John Mellencamp and The Search for an American Soul: An Interview with the Musical Icon

I was a 13 year old boy when I discovered the music of John Mellencamp. His songs were my usher into the world of writing, art, and creativity. A continual source of powerful inspiration in my work and life, I wrote my second book, Mellencamp: American Troubadour, about his music, and the ideas that surround it. The impact and influence of Mellencamp’s music on my life is so large that, without it, it is impossible to conceive of myself.

On Memorial Day, I had the incredible thrill and honor of driving to Nashville, Indiana to visit John Mellencamp in his recording studio.
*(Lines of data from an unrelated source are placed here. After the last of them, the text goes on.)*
Lemma star_repB m a f g v :
  star_rep m a (fun x => f x - g x) v = star_rep m a f v - star_rep m a g v.
Proof. by rewrite /star_rep; ring. Qed.

Lemma fdiff_courant_notin_link s chi a f :
  well_defined u C s chi -> a \notin link C s -> fdiff (courant a) chi f = 0.
Proof.
move=> wd ha; rewrite /fdiff.
rewrite (well_defined_link (g := fun v => f v - courant a v) wd) ?subrr //.
by move=> v hv; rewrite /courant; case: eqVneq ha => [<-|_ _]; rewrite ?hv ?subr0.
Qed.

Lemma fdiff_courant_link d s chi psi a m f :
  is_chiF u C d.+1 s chi -> a \in link C s -> is_chiF u C d (a |: s) psi ->
  (forall v, v \in s -> pairing m (u v) = 0) -> pairing m (u a) = 1 ->
  fdiff (courant a) chi f = psi (star_rep m a f).
Proof.
move=> [_ _ rec] ha hpsi ms ma.
have fam_s v : v \in s -> pairing (f a *: m) (u v) = 0.
  by move=> vs; rewrite pairingZl ms // mulr0.
have fam_a : pairing (f a *: m) (u a) = f a by rewrite pairingZl ma mulr1.
rewrite /fdiff ((rec a ha).2 psi hpsi f _ fam_s fam_a) addrAC subrr add0r.
by congr psi; apply: functional_extensionality => v; rewrite pairingZl.
Qed.

Definition max_cone_card t : nat := \max_(S in C | t \subset S) #|S|.

Definition star_dim t : nat := (max_cone_card t - #|t|)%N.

Lemma leq_max_cone_card t S : S \in C -> t \subset S -> (#|S| <= max_cone_card t)%N.
Proof. by move=> SC tS; apply: leq_bigmax_cond; rewrite SC tS. Qed.

Lemma max_cone_cardU1 a t : (max_cone_card (a |: t) <= max_cone_card t)%N.
Proof.
apply/bigmax_leqP => S /andP [SC atS]; apply: leq_max_cone_card => //.
exact: subset_trans (subsetUr _ _) atS.
Qed.

Lemma max_cone_card_attained t : (0 < max_cone_card t)%N ->
  exists2 S, (S \in C) && (t \subset S) & #|S| = max_cone_card t.
Proof.
case: (pickP [pred S | (S \in C) && (t \subset S)]) => [S0 hS0 _ | none]; last first.
  by rewrite /max_cone_card big_pred0.
have /(eq_bigmax_cond (fun S : {set V} => #|S|)) [S hS eS] :
    (0 < #|[pred S | (S \in C) && (t \subset S)]|)%N by apply/card_gt0P; exists S0.
by exists S; rewrite // /max_cone_card eS.
Qed.

Lemma card_link_setU1 a s : a \in link C s -> #|a |: s| = #|s|.+1.
Proof. by rewrite inE cardsU1 => /andP [-> _]. Qed.

Lemma star_dim_link a s : a \in link C s -> (star_dim (a |: s) < star_dim s)%N.
Proof.
move=> ha; have [asC _] : (a |: s \in C) /\ a \notin s by move: ha; rewrite inE => /andP [].
have := leq_max_cone_card asC (subxx _); have := max_cone_cardU1 a s.
rewrite /star_dim card_link_setU1 //; move: (max_cone_card _) (max_cone_card _) => x y; lia.
Qed.

Lemma star_dim_link_pred s k : star_dim s = k.+1 ->
  exists2 a, a \in link C s & star_dim (a |: s) = k.
Proof.
rewrite /star_dim => hk; have [_ _ faces _ _] := fanC.
have [|S /andP [SC sS] eS] := @max_cone_card_attained s; first lia.
have /subsetPn [a aS as_] : ~~ (S \subset s).
  by apply/negP => /subset_leq_card; rewrite eS; lia.
have asS : a |: s \subset S by rewrite subUset sub1set aS sS.
have ha : a \in link C s by rewrite inE as_ (faces S).
exists a => //; rewrite card_link_setU1 //.
have := leq_max_cone_card SC asS; have := max_cone_cardU1 a s; lia.
Qed.

Lemma is_chiF_deg_lt d s chi : is_chiF u C d s chi -> deg_lt (star_dim s).+1 chi.
Proof.
elim: d s chi => [|d IH] s chi hchi; apply: deg_lt_courant => a;
  have wd := is_chiF_well_defined hchi.
  apply: eq_deg_lt (deg_lt_zero _ _ _) => f.
  by rewrite (fdiff_courant_notin_link _ wd) // (is_chiF0_link hchi) inE.
have [ha|ha] := boolP (a \in link C s); last first.
  by apply: eq_deg_lt (deg_lt_zero _ _ _) => f; rewrite (fdiff_courant_notin_link _ wd).
have [_ _ rec] := hchi; have [[psi hpsi] _] := rec a ha.
have [m [ms ma]] := exists_dual_pairing ha.
apply: eq_deg_lt (fun f => esym (fdiff_courant_link f hchi ha hpsi ms ma)) _.
exact: deg_lt_leq (star_dim_link ha) (deg_lt_comp (star_repB m a) (IH _ _ hpsi)).
Qed.

Lemma is_chiF_not_deg_lt d s chi : is_chiF u C d s chi -> ~ deg_lt (star_dim s) chi.
Proof.
elim: d s chi => [|d IH] s chi hchi; case hk: (star_dim s) => [|k].
- by move=> /(_ (fun _ => 0)); rewrite (is_chiF_at0 hchi).
- have [a] := star_dim_link_pred hk.
  by rewrite (is_chiF0_link hchi) inE.
- by move=> /(_ (fun _ => 0)); rewrite (is_chiF_at0 hchi).
have [a ha hka] := star_dim_link_pred hk.
have [_ _ rec] := hchi; have [[psi hpsi] _] := rec a ha.
have [m [ms ma]] := exists_dual_pairing ha.
move=> /(_ (courant a)) chi_deg; apply: (IH _ _ hpsi); rewrite hka.
(* Zeroing the coordinate a makes [star_rep m a] the identity on link (a |: s). *)
pose zero_at_a f v : int := if v == a then 0 else f v.
have psi_deg : deg_lt k (fun f => psi (star_rep m a f)).
  exact: eq_deg_lt (fun f => fdiff_courant_link f hchi ha hpsi ms ma) chi_deg.
have zero_atB f w v : zero_at_a (fun x => f x - w x) v = zero_at_a f v - zero_at_a w v.
  by rewrite /zero_at_a; case: (v == a); rewrite ?subr0.
apply: eq_deg_lt (deg_lt_comp zero_atB psi_deg) => f.
apply: well_defined_link (is_chiF_well_defined hpsi) _ => v.
rewrite /star_rep /zero_at_a eqxx mul0r subr0 inE => /andP [].
by case: eqVneq => // ->; rewrite setU11.
Qed.

Lemma is_chiF_unique d s chi1 chi2 :
  is_chiF u C d s chi1 -> is_chiF u C d s chi2 -> chi1 =1 chi2.
Proof.
move=> h1 h2 f; pose D g := chi1 g - chi2 g.
have D_cst : deg_lt 1 D.
  apply: deg_lt_courant => a g /=.
  have -> : fdiff (courant a) D g = fdiff (courant a) chi1 g - fdiff (courant a) chi2 g.
    by rewrite /fdiff /D; ring.
  have [ha|ha] := boolP (a \in link C s); last first.
    rewrite (fdiff_courant_notin_link _ (is_chiF_well_defined h1)) //.
    by rewrite (fdiff_courant_notin_link _ (is_chiF_well_defined h2)) ?subrr.
  case: d h1 h2 => [|d] h1 h2; first by move: ha; rewrite (is_chiF0_link h1) inE.
  have [_ _ rec] := h1; have [[psi hpsi] _] := rec a ha.
  have [m [ms ma]] := exists_dual_pairing ha.
  rewrite (fdiff_courant_link _ h1 ha hpsi ms ma).
  by rewrite (fdiff_courant_link _ h2 ha hpsi ms ma) subrr.
apply/eqP; rewrite -subr_eq0 -/(D f) (deg_lt1P f (fun _ => 0) D_cst) /D.
by rewrite (is_chiF_at0 h1) (is_chiF_at0 h2) subrr.
Qed.

Lemma star_dim0 : star_dim set0 = fan_dim C.
Proof. by rewrite /star_dim cards0 subn0; apply: eq_bigl => S; rewrite sub0set andbT. Qed.

End EhrhartFunctions.

Theorem proposition3 (n : nat) (V : finType) (u : V -> 'rV[int]_n)
  (C : {set {set V}}) :
  unimodular_fan u C -> ehrhart u C ->
  exists chi : (V -> int) -> int,
    [/\ is_chi u C set0 chi,
        forall chi' : (V -> int) -> int, is_chi u C set0 chi' ->
          forall f : V -> int, chi' f = chi f &
        exists p : {mpoly rat[#|V|]},
          msize p = (fan_dim C).+1 /\
          forall f : V -> int, (chi f)%:~R = eval_at p f].
Proof.
move=> fanC [chi hchi]; exists chi; split=> // [chi' hchi'|].
  exact: (is_chiF_unique fanC hchi' hchi).
have chi_deg := is_chiF_deg_lt fanC hchi; rewrite star_dim0 in chi_deg.
have chi_not_deg := is_chiF_not_deg_lt fanC hchi; rewrite star_dim0 in chi_not_deg.
have [p [size_p chi_p]] := mpoly_of_deg_lt ((deg_lt_intr rat _ _).2 chi_deg).
exists p; split=> //; apply/eqP; rewrite eqn_leq size_p ltnNge; apply/negP => size_p'.
apply/chi_not_deg/(deg_lt_intr rat); apply: eq_deg_lt (deg_lt_eval_at size_p') => f.
by rewrite chi_p.
Qed.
We sat for a long, fascinating, and fun conversation in the same room where he and his band have made so many of my favorite songs since 1983. Then, I watched he and the band rehearse for their upcoming tour, playing “Pink Houses” and “Paper in Fire.” To add to the pleasure and amazement of the experience, I also met the beautiful and soulful Carlene Carter, and had the opportunity to have a discussion with her.

Mellencamp’s first words to me were, “It is a good book.” That simple, but profound compliment is one I will always treasure (He was referring to my work of biography and cultural criticism, Mellencamp: American Troubadour).

Read the essay I wrote on the experience at Salon.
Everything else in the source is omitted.